# The Summer of the String Quartet – Part Three



## itywltmt

Part One: http://www.talkclassical.com/blogs/itywltmt/251-summer-string-quartet-part.html
Part Two: http://www.talkclassical.com/blogs/itywltmt/257-summer-string-quartet-part.html
Thread: http://www.talkclassical.com/13770-summer-string-quartet.html
(Still open for your suggestions)

This week's installment of TSotSQ will prinarily feature the Borromeo String Quartet, Quartet-in-Residence at the New England Conservatory of Music, in some performances from the Tapestry room of the Isabella Stewart Gardner Museum in Boston.

From this group of musicians, we will hear threee quartets by *Bartok*, *Mendelssohn *and *Debussy*, some of which were suggestions from our thread.

Since our musical holidays series travels to France this week, I thought I would add some French content.
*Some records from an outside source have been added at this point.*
(* Let $\nu>0$, $d\ge1$ an integer and $m\ge1$ an integer. Then \[ I(d,\nu,m):=\sum_{n>m}\ \sum_{q\in\mathbb{Z}^{d-1}}\left(n^2+|q|^2\right)^{-\nu-d/2}\;\le\;\frac{\beta(d,\nu)}{m^{2\nu}}, \] where the sum over $n$ runs over integers $n>m$ and $\beta$ is defined by $\beta(1,\nu)=\frac{1}{2\nu}$ and $\beta(d,\nu)=\left(4+\frac{2}{2\nu+d-1}\right)\beta(d-1,\nu)$ for $d>1$. In particular, for any $\nu\ge 1/2$, $\beta(d,\nu)\le \frac{5^{d-1}}{2\nu}$ for all $d=1,2,\dots$.
   Context: $|q|$ denotes the Euclidean norm of $q\in\mathbb{Z}^{d-1}$; when $d=1$ the inner sum over $\mathbb{Z}^{0}$ consists of the single term $q=0$ (so $I(1,\nu,m)=\sum_{n>m}n^{-2\nu-1}$). *)

From HB Require Import structures.
From mathcomp Require Import all_boot all_order all_algebra.
From mathcomp Require Import all_classical all_reals all_analysis.
Set Implicit Arguments. Unset Strict Implicit. Unset Printing Implicit Defensive.
Import Order.TTheory GRing.Theory Num.Theory.
Local Open Scope ring_scope.

(* betaS nu k = beta(k+1, nu):  beta(1,nu) = 1/(2 nu),
   beta(d,nu) = (4 + 2/(2 nu + d - 1)) beta(d-1,nu) for d > 1. *)
Fixpoint betaS {R : realType} (nu : R) (k : nat) : R :=
  match k with
  | 0 => 1 / (2 * nu)
  | k'.+1 => (4 + 2 / (2 * nu + k'.+1%:R)) * betaS nu k'
  end.

Definition beta {R : realType} (d : nat) (nu : R) : R := betaS nu d.-1.

Definition sqnorm {R : realType} (k : nat) (q : 'rV[int]_k) : R :=
  \sum_(i < k) ((q ord0 i)%:~R) ^+ 2.

Definition Iterm {R : realType} (d : nat) (nu : R) (p : nat * 'rV[int]_(d.-1)) : R :=
  ((p.1)%:R ^+ 2 + sqnorm p.2) `^ (- nu - d%:R / 2).

Definition Isum {R : realType} (d : nat) (nu : R) (m : nat) : \bar R :=
  esum [set p : nat * 'rV[int]_(d.-1) | (m < p.1)%N] (fun p => (@Iterm R d nu p)%:E).

From HB Require Import structures.
From mathcomp Require Import all_boot all_order all_algebra.
From mathcomp Require Import all_classical all_reals all_analysis.
From mathcomp Require Import ring lra.
Import Order.TTheory GRing.Theory Num.Theory.
Set Implicit Arguments. Unset Strict Implicit. Unset Printing Implicit Defensive.
Local Open Scope classical_set_scope.
Local Open Scope ring_scope.

(* Bound the partial sums over boxes {m < n <= N} x [-N, N]^(d-1) by induction
   on d.  Summing out one coordinate j of q costs a factor 4 + 2/a, where
   a = 2 nu + d - 1: for A >= 1, sum_j (A + j^2)^(-(a+1)/2) <= (4 + 2/a) A^(-a/2),
   because the terms with j > 0 are dominated by the decrements of a potential
   that is affine up to sqrt A and equal to x^(-a)/a beyond it.  The
   one-dimensional base case sum_(n > m) n^(-2 nu - 1) <= m^(-2 nu)/(2 nu)
   telescopes by convexity of t^(-2 nu).  Every finite part of the index set
   lies in such a box, so the bound passes to the unordered sum.  For nu >= 1/2
   each factor 4 + 2/(2 nu + d - 1) is at most 5. *)

Section power_bounds.
Variable R : realType.
Implicit Types a p r x y : R.

Lemma powR_subr1 x p : 0 < x -> x `^ (p - 1) = x `^ p / x.
Proof.
move=> x0; rewrite powRB ?(gt_eqF x0) ?implybT //.
by rewrite powRr1 // ltW.
Qed.

Lemma powR_sqrN x a : 0 <= x -> (x ^+ 2) `^ (- ((a + 1) / 2)) = x `^ (- a - 1).
Proof.
by move=> x0; rewrite -powR_mulrn // -powRrM; congr (_ `^ _); field.
Qed.

Lemma ler_powRN p x y : 0 <= p -> 0 < x -> x <= y -> y `^ (- p) <= x `^ (- p).
Proof.
move=> p0 x0 xy; have y0 := lt_le_trans x0 xy.
rewrite !powRN lef_pV2 ?posrE ?powR_gt0 //.
by apply: ge0_ler_powR; rewrite // nnegrE ltW.
Qed.

Lemma powRN_tangent a x y : 0 < a -> 0 < y -> y <= x ->
  a * (x - y) * x `^ (- a - 1) <= y `^ (- a) - x `^ (- a).
Proof.
move=> a0 y0 yx; have x0 := lt_le_trans y0 yx.
have ln_ratio : 1 - y / x <= ln x - ln y.
  have := @le_ln1Dx R (y / x - 1); rewrite subrKC ln_div ?posrE //.
  by have := divr_gt0 y0 x0; lra.
have -> : y `^ (- a) = x `^ (- a) * expR (a * (ln x - ln y)).
  by rewrite /powR !gt_eqF // -expRD; congr expR; ring.
have exp_ge := expR_ge1Dx (a * (ln x - ln y)).
have xa0 := powR_gt0 (- a) x0.
rewrite powR_subr1 //.
have -> : a * (x - y) * (x `^ (- a) / x) = x `^ (- a) * (a * (1 - y / x)).
  by field; rewrite gt_eqF.
have : a * (1 - y / x) <= a * (ln x - ln y) by rewrite ler_wpM2l // ltW.
nra.
Qed.

Lemma ler_sum_telescope (u G : nat -> R) (m N : nat) :
  (forall k, (m <= k)%N -> u k <= G k - G k.+1) -> (forall k, 0 <= G k) ->
  \sum_(m <= k < N) u k <= G m.
Proof.
move=> uG G0; have [mN|Nm] := leqP m N; last by rewrite big_geq ?G0 // ltnW.
apply: (@le_trans _ _ (\sum_(m <= k < N) (G k - G k.+1))).
  by rewrite big_nat [leRHS]big_nat ler_sum // => k /andP[/uG].
rewrite (telescope_sumr_eq (fun k => - G k) _ mN) => [|k _].
  by have := G0 N; lra.
by rewrite opprK addrC.
Qed.

Lemma sum_powRN_tail a (m N : nat) : 0 < a -> (0 < m)%N ->
  \sum_(m <= n < N) n.+1%:R `^ (- a - 1) <= m%:R `^ (- a) / a.
Proof.
move=> a0 m0; apply: (ler_sum_telescope (G := fun n : nat => n%:R `^ (- a) / a)).
  2: by move=> n; rewrite divr_ge0 ?powR_ge0 ?ltW.
move=> n mn.
rewrite -mulrBl ler_pdivlMr // mulrC.
have := @powRN_tangent a n.+1%:R n%:R a0; rewrite -natrB // subSnn mulr1.
by apply; rewrite ?ltr0n ?ler_nat //; apply: leq_trans mn.
Qed.

(* The integral of min (r^(-a-1), t^(-a-1)) over t in [x, +oo), an upper
   bound for the integral of (r^2 + t^2)^(-(a+1)/2) over the same range. *)
Definition line_potential a r x : R :=
  if x <= r then r `^ (- a) / a + (r - x) * r `^ (- a - 1) else x `^ (- a) / a.

Section line_potential.
Variables a r : R.
Hypotheses (a_gt0 : 0 < a) (r_gt0 : 0 < r).
Local Notation G := (line_potential a r).
Local Notation f x := ((r ^+ 2 + x ^+ 2) `^ (- ((a + 1) / 2))).

Lemma line_potential_ge0 x : 0 <= G x.
Proof.
rewrite /line_potential; case: ifP => [xr|_]; last by rewrite divr_ge0 ?powR_ge0 ?ltW.
by rewrite addr_ge0 ?divr_ge0 ?mulr_ge0 ?powR_ge0 ?subr_ge0 // ltW.
Qed.

Lemma line_potential_tail x : r <= x -> G x = x `^ (- a) / a.
Proof.
move=> rx; rewrite /line_potential; case: ifP => // xr.
have -> : x = r by apply/eqP; rewrite eq_le xr rx.
by rewrite subrr mul0r addr0.
Qed.

Lemma line_potential_step x y : 0 <= y -> y <= x -> (x - y) * f x <= G y - G x.
Proof.
move=> y0 yx; have x0 := le_trans y0 yx.
have hp : 0 <= (a + 1) / 2 by rewrite divr_ge0 // addr_ge0 // ltW.
have f_le_r z : 0 <= z -> f z <= r `^ (- a - 1).
  move=> z0; rewrite -(powR_sqrN a (ltW r_gt0)).
  by rewrite ler_powRN ?exprn_gt0 ?lerDl ?sqr_ge0.
have line u v : u <= v -> v <= r -> G u - G v = (v - u) * r `^ (- a - 1).
  by move=> uv vr; rewrite /line_potential vr (le_trans uv vr); ring.
have tail u v : r <= u -> u <= v -> (v - u) * f v <= G u - G v.
  move=> ru uv; have u0 := lt_le_trans r_gt0 ru; have v0 := le_trans (ltW u0) uv.
  rewrite !line_potential_tail ?(le_trans ru uv) // -mulrBl ler_pdivlMr // mulrC mulrA.
  apply: le_trans (powRN_tangent a_gt0 u0 uv).
  rewrite ler_wpM2l ?mulr_ge0 ?subr_ge0 ?(ltW a_gt0) //.
  rewrite -(powR_sqrN a v0) ler_powRN ?exprn_gt0 ?lerDr ?sqr_ge0 //.
  exact: lt_le_trans u0 uv.
have [xr|rx] := leP x r; first by rewrite line // ler_wpM2l ?subr_ge0 ?f_le_r.
have [ry|yr] := leP r y; first exact: tail.
have -> : G y - G x = (G y - G r) + (G r - G x) by ring.
have -> : (x - y) * f x = (r - y) * f x + (x - r) * f x by ring.
apply: lerD; last exact: tail (lexx r) (ltW rx).
by rewrite line ?(ltW yr) // ler_wpM2l ?subr_ge0 ?f_le_r ?(ltW yr).
Qed.

Lemma sum_line_half_le (N : nat) :
  \sum_(0 <= k < N) f k.+1%:R <= r `^ (- a) / a + r `^ (- a).
Proof.
have -> : r `^ (- a) / a + r `^ (- a) = G 0%:R.
  rewrite /line_potential ltW // subr0 powR_subr1 //.
  by rewrite mulrCA mulfV ?gt_eqF // mulr1.
apply: (ler_sum_telescope (G := fun k : nat => G k%:R)) => [k _|k].
  have := @line_potential_step k.+1%:R k%:R (ler0n _ _).
  by rewrite ler_nat leqnSn -natrB // subSnn mul1r; apply.
exact: line_potential_ge0.
Qed.

End line_potential.

End power_bounds.

Definition zrange (N : nat) : seq int :=
  0 :: [seq k.+1%:Z | k <- index_iota 0 N] ++ [seq - k.+1%:Z | k <- index_iota 0 N].

Lemma mem_zrange (N : nat) (j : int) : (`|j| <= N)%N -> j \in zrange N.
Proof.
case: j => [[|n]|n] jN; rewrite inE ?eqxx // mem_cat; apply/orP; right; apply/orP.
  by left; apply/mapP; exists n; rewrite ?mem_index_iota.
by right; apply/mapP; exists n; rewrite ?mem_index_iota // NegzE.
Qed.

Definition row_cons {k : nat} (j : int) (q : 'rV[int]_k) : 'rV[int]_k.+1 :=
  \row_i (if unlift ord0 i is Some i' then q ord0 i' else j).

Definition row_behead {k : nat} (q : 'rV[int]_k.+1) : 'rV[int]_k :=
  \row_i q ord0 (lift ord0 i).

Lemma row_cons_behead (k : nat) (q : 'rV[int]_k.+1) :
  row_cons (q ord0 ord0) (row_behead q) = q.
Proof. by apply/rowP => i; rewrite !mxE; case: unliftP => [i' ->|->] //; rewrite mxE. Qed.

Fixpoint zbox (N k : nat) : seq 'rV[int]_k :=
  if k is k'.+1 then [seq row_cons j q | q <- zbox N k', j <- zrange N] else [:: 0].

Lemma mem_zbox (N k : nat) (q : 'rV[int]_k) :
  (forall i, `|q ord0 i| <= N)%N -> q \in zbox N k.
Proof.
elim: k q => [|k IH] q qN; first by rewrite inE (thinmx0 q).
rewrite -[q]row_cons_behead; apply: allpairs_f; last exact: mem_zrange.
by apply: IH => i; rewrite mxE.
Qed.

Section lattice_sums.
Variable R : realType.

Lemma sqnorm_row_cons (k : nat) (j : int) (q : 'rV[int]_k) :
  sqnorm (row_cons j q) = j%:~R ^+ 2 + sqnorm q :> R.
Proof.
rewrite /sqnorm big_ord_recl !mxE unlift_none; congr (_ + _).
by apply: eq_bigr => i _; rewrite mxE liftK.
Qed.

Lemma sqnorm_ge0 (k : nat) (q : 'rV[int]_k) : 0 <= sqnorm q :> R.
Proof. by apply: sumr_ge0 => i _; apply: sqr_ge0. Qed.

Lemma sum_zboxS (g : R -> R) (N k : nat) :
  \sum_(q <- zbox N k.+1) g (sqnorm q) =
  \sum_(q <- zbox N k) \sum_(j <- zrange N) g (j%:~R ^+ 2 + sqnorm q).
Proof.
rewrite big_allpairs_dep; apply: eq_bigr => q _.
by apply: eq_bigr => j _; rewrite sqnorm_row_cons.
Qed.

Lemma sum_zrange_le (a r : R) (N : nat) : 0 < a -> 1 <= r ->
  \sum_(j <- zrange N) (r ^+ 2 + j%:~R ^+ 2) `^ (- ((a + 1) / 2))
    <= (4 + 2 / a) * r `^ (- a).
Proof.
move=> a0 r1; have r0 : 0 < r by lra.
rewrite big_cons big_cat !big_map /= expr0n addr0 (powR_sqrN a (ltW r0)).
under eq_bigr do rewrite -pmulrn.
under [X in _ + (_ + X)]eq_bigr do rewrite mulrNz sqrrN -pmulrn.
have half := sum_line_half_le a0 r0 N.
have center : r `^ (- a - 1) <= r `^ (- a).
  by rewrite powR_subr1 // ler_pdivrMr // ler_peMr ?powR_ge0.
have ra0 := powR_ge0 r (- a).
have -> : (4 + 2 / a) * r `^ (- a) =
    2 * (r `^ (- a) / a + r `^ (- a)) + 2 * r `^ (- a).
  by field; rewrite gt_eqF.
lra.
Qed.

Lemma sum_zrange_shift_le (a A : R) (N : nat) : 0 < a -> 1 <= A ->
  \sum_(j <- zrange N) (A + j%:~R ^+ 2) `^ (- ((a + 1) / 2))
    <= (4 + 2 / a) * A `^ (- (a / 2)).
Proof.
move=> a0 A1; have A0 : 0 <= A by lra.
have sqrtA1 : 1 <= Num.sqrt A by rewrite -sqrtr1 ler_sqrt //; lra.
have := sum_zrange_le N a0 sqrtA1; rewrite sqr_sqrtr //.
by rewrite -powR12_sqrt // -powRrM; congr (_ <= _ * (_ `^ _)); field.
Qed.

Lemma sum_Iterm_zbox_le (nu : R) (m N k : nat) : 0 < nu -> (0 < m)%N ->
  \sum_(m.+1 <= n < N.+1) \sum_(q <- zbox N k) @Iterm R k.+1 nu (n, q)
    <= betaS nu k / m%:R `^ (2 * nu).
Proof.
move=> nu0 m0; elim: k => [|k IH].
  rewrite /= big_add1 /=.
  under eq_bigr do rewrite big_seq1 /Iterm /sqnorm big_ord0 addr0.
  have -> : - nu - 1%:R / 2 = - ((2 * nu + 1) / 2) by field.
  under eq_bigr do rewrite powR_sqrN //.
  have -> : 1 / (2 * nu) / m%:R `^ (2 * nu) = m%:R `^ (- (2 * nu)) / (2 * nu).
    by rewrite powRN; field; rewrite ?gt_eqF ?powR_gt0 ?ltr0n //; lra.
  by apply: sum_powRN_tail; rewrite // mulr_gt0.
set a := 2 * nu + k.+1%:R.
have a0 : 0 < a by rewrite /a addr_gt0 ?mulr_gt0.
have -> : betaS nu k.+1 / m%:R `^ (2 * nu) =
    (4 + 2 / a) * (betaS nu k / m%:R `^ (2 * nu)).
  by rewrite /= mulrA.
apply: le_trans (ler_wpM2l _ IH); last by rewrite addr_ge0 ?divr_ge0 ?ltW.
rewrite mulr_sumr big_nat [leRHS]big_nat; apply: ler_sum => n /andP[mn _].
rewrite /Iterm /= mulr_sumr.
rewrite (sum_zboxS (fun s => (n%:R ^+ 2 + s) `^ (- nu - k.+2%:R / 2))).
apply: ler_sum => q _.
have A1 : 1 <= n%:R ^+ 2 + sqnorm q :> R.
  have n1 : 1 <= n%:R ^+ 2 :> R.
    by rewrite -natrX ler1n expn_gt0 (leq_ltn_trans (leq0n m) mn).
  by have := sqnorm_ge0 q; lra.
have -> : - nu - k.+2%:R / 2 = - ((a + 1) / 2) by rewrite /a (mulrSr _ k.+1); field.
have -> : - nu - k.+1%:R / 2 = - (a / 2) by rewrite /a; field.
under eq_bigr do rewrite addrCA addrC.
exact: sum_zrange_shift_le.
Qed.

End lattice_sums.

Lemma betaS_ge0 (R : realType) (nu : R) (k : nat) : 0 < nu -> 0 <= betaS nu k.
Proof.
move=> nu0; elim: k => [|k IH] /=; first by rewrite divr_ge0 // mulr_ge0 // ltW.
by rewrite mulr_ge0 // addr_ge0 // divr_ge0 // addr_ge0 // mulr_ge0 // ltW.
Qed.

Lemma betaS_le (R : realType) (nu : R) (k : nat) : 1 / 2 <= nu ->
  betaS nu k <= 5 ^+ k / (2 * nu).
Proof.
move=> nu_ge; have nu0 : 0 < nu by lra.
elim: k => [|k IH] /=; first by rewrite expr0.
have k1 : 1 <= k.+1%:R :> R by rewrite ler1n.
have a2 : 2 <= 2 * nu + k.+1%:R by lra.
rewrite exprS -mulrA ler_pM ?betaS_ge0 // ?addr_ge0 ?divr_ge0 //; try lra.
suff : 2 / (2 * nu + k.+1%:R) <= 1 by lra.
by rewrite ler_pdivrMr ?mul1r //; lra.
Qed.

Lemma ler_sum_uniq_subset (R : numDomainType) (T : eqType) (s1 s2 : seq T)
    (f : T -> R) :
  (forall x, 0 <= f x) -> uniq s1 -> {subset s1 <= s2} ->
  \sum_(x <- s1) f x <= \sum_(x <- s2) f x.
Proof.
move=> f0 s1_uniq s12.
have sum_undup_le (s : seq T) : \sum_(x <- undup s) f x <= \sum_(x <- s) f x.
  elim: s => //= x s IH; case: ifP => _; rewrite !big_cons ?lerD2l //.
  by rewrite -[leLHS]add0r lerD.
apply: le_trans (sum_undup_le s2); rewrite [leRHS](bigID (mem s1)) /=.
have -> : \sum_(x <- undup s2 | x \in s1) f x = \sum_(x <- s1) f x.
  rewrite -big_filter; apply/perm_big/uniq_perm; rewrite ?filter_uniq ?undup_uniq // => x.
  by rewrite mem_filter mem_undup; apply/andP/idP => [[]//|xs1]; split=> //; apply: s12.
by rewrite lerDl sumr_ge0.
Qed.

Lemma finite_set_bounded (T : eqType) (F : set T) (g : T -> nat) :
  finite_set F -> exists N, forall x, F x -> (g x <= N)%N.
Proof.
by case/finite_seqP => s ->; exists (\max_(x <- s) g x) => x xs; apply: leq_bigmax_seq.
Qed.

Lemma esum_le_cover (R : realType) (T : choiceType) (A : set T) (f : T -> R) (M : R) :
  (forall x, 0 <= f x) ->
  (forall F, finite_set F -> F `<=` A ->
     exists2 s : seq T, F `<=` [set` s] & \sum_(x <- s) f x <= M) ->
  (esum A (fun x => (f x)%:E) <= M%:E)%E.
Proof.
move=> f0 cover; apply: ge_ereal_sup => _ [F [finF FA] <-].
have [s Fs sM] := cover F finF FA.
rewrite fsumEFin // lee_fin fsbig_finite //; apply: le_trans sM.
by apply: ler_sum_uniq_subset => // x; rewrite in_fset_set // inE => /Fs.
Qed.

Lemma finite_set_sub_zbox (k m : nat) (F : set (nat * 'rV[int]_k)) :
  finite_set F -> F `<=` [set p | (m < p.1)%N] ->
  exists N, F `<=` [set` [seq (n, q) | n <- index_iota m.+1 N.+1, q <- zbox N k]].
Proof.
move=> finF Fm.
pose size_bound (p : nat * 'rV[int]_k) := (p.1 + \max_(i < k) `|p.2 ord0 i|)%N.
have [N FN] := finite_set_bounded size_bound finF.
exists N => -[n q] Fnq; have nqN := FN _ Fnq.
apply: allpairs_f.
  by rewrite mem_index_iota (Fm _ Fnq) //= ltnS (leq_trans (leq_addr _ _) nqN).
apply: mem_zbox => i; apply: leq_trans nqN; apply: leq_trans (leq_addl _ _).
exact: leq_bigmax (fun i => `|q ord0 i|%N) i.
Qed.

Theorem lemma3p4 (R : realType) :
  (forall (nu : R) (d m : nat), 0 < nu -> (1 <= d)%N -> (1 <= m)%N ->
     (Isum d nu m <= (beta d nu / (m%:R `^ (2 * nu)))%:E)%E) /\
  (forall (nu : R) (d : nat), 1 / 2 <= nu -> (1 <= d)%N ->
     beta d nu <= 5 ^+ d.-1 / (2 * nu)).
Proof.
split=> [nu [//|k] m nu0 _ m0 | nu [//|k] nu_ge _]; last exact: betaS_le.
apply: esum_le_cover => [p|F finF Fm]; first exact: powR_ge0.
have [N FN] := finite_set_sub_zbox finF Fm.
exists [seq (n, q) | n <- index_iota m.+1 N.+1, q <- zbox N k] => //.
by rewrite big_allpairs; apply: sum_Iterm_zbox_le.
Qed.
The *Ravel *quartet, which was a suggestion by many of you, was featured not too long ago on my Friday blog, and so I provide here a link to my "Internet Chamber Music Recital".

Two other quartets of note: the quartet by *Henri Dutilleux*, and a movement from the quartet by *Gabriel Faure *(you can explore further movements from MP3 lemon, but there seems to be a quality issue with the last two movements...)

I was tempted to add an honorable mention this week - Messiaen's _Quatuor pour la fin des temps_, but it is so lengthy, that I shall save it (and the site I found) for a blog post in September.

Enjoy!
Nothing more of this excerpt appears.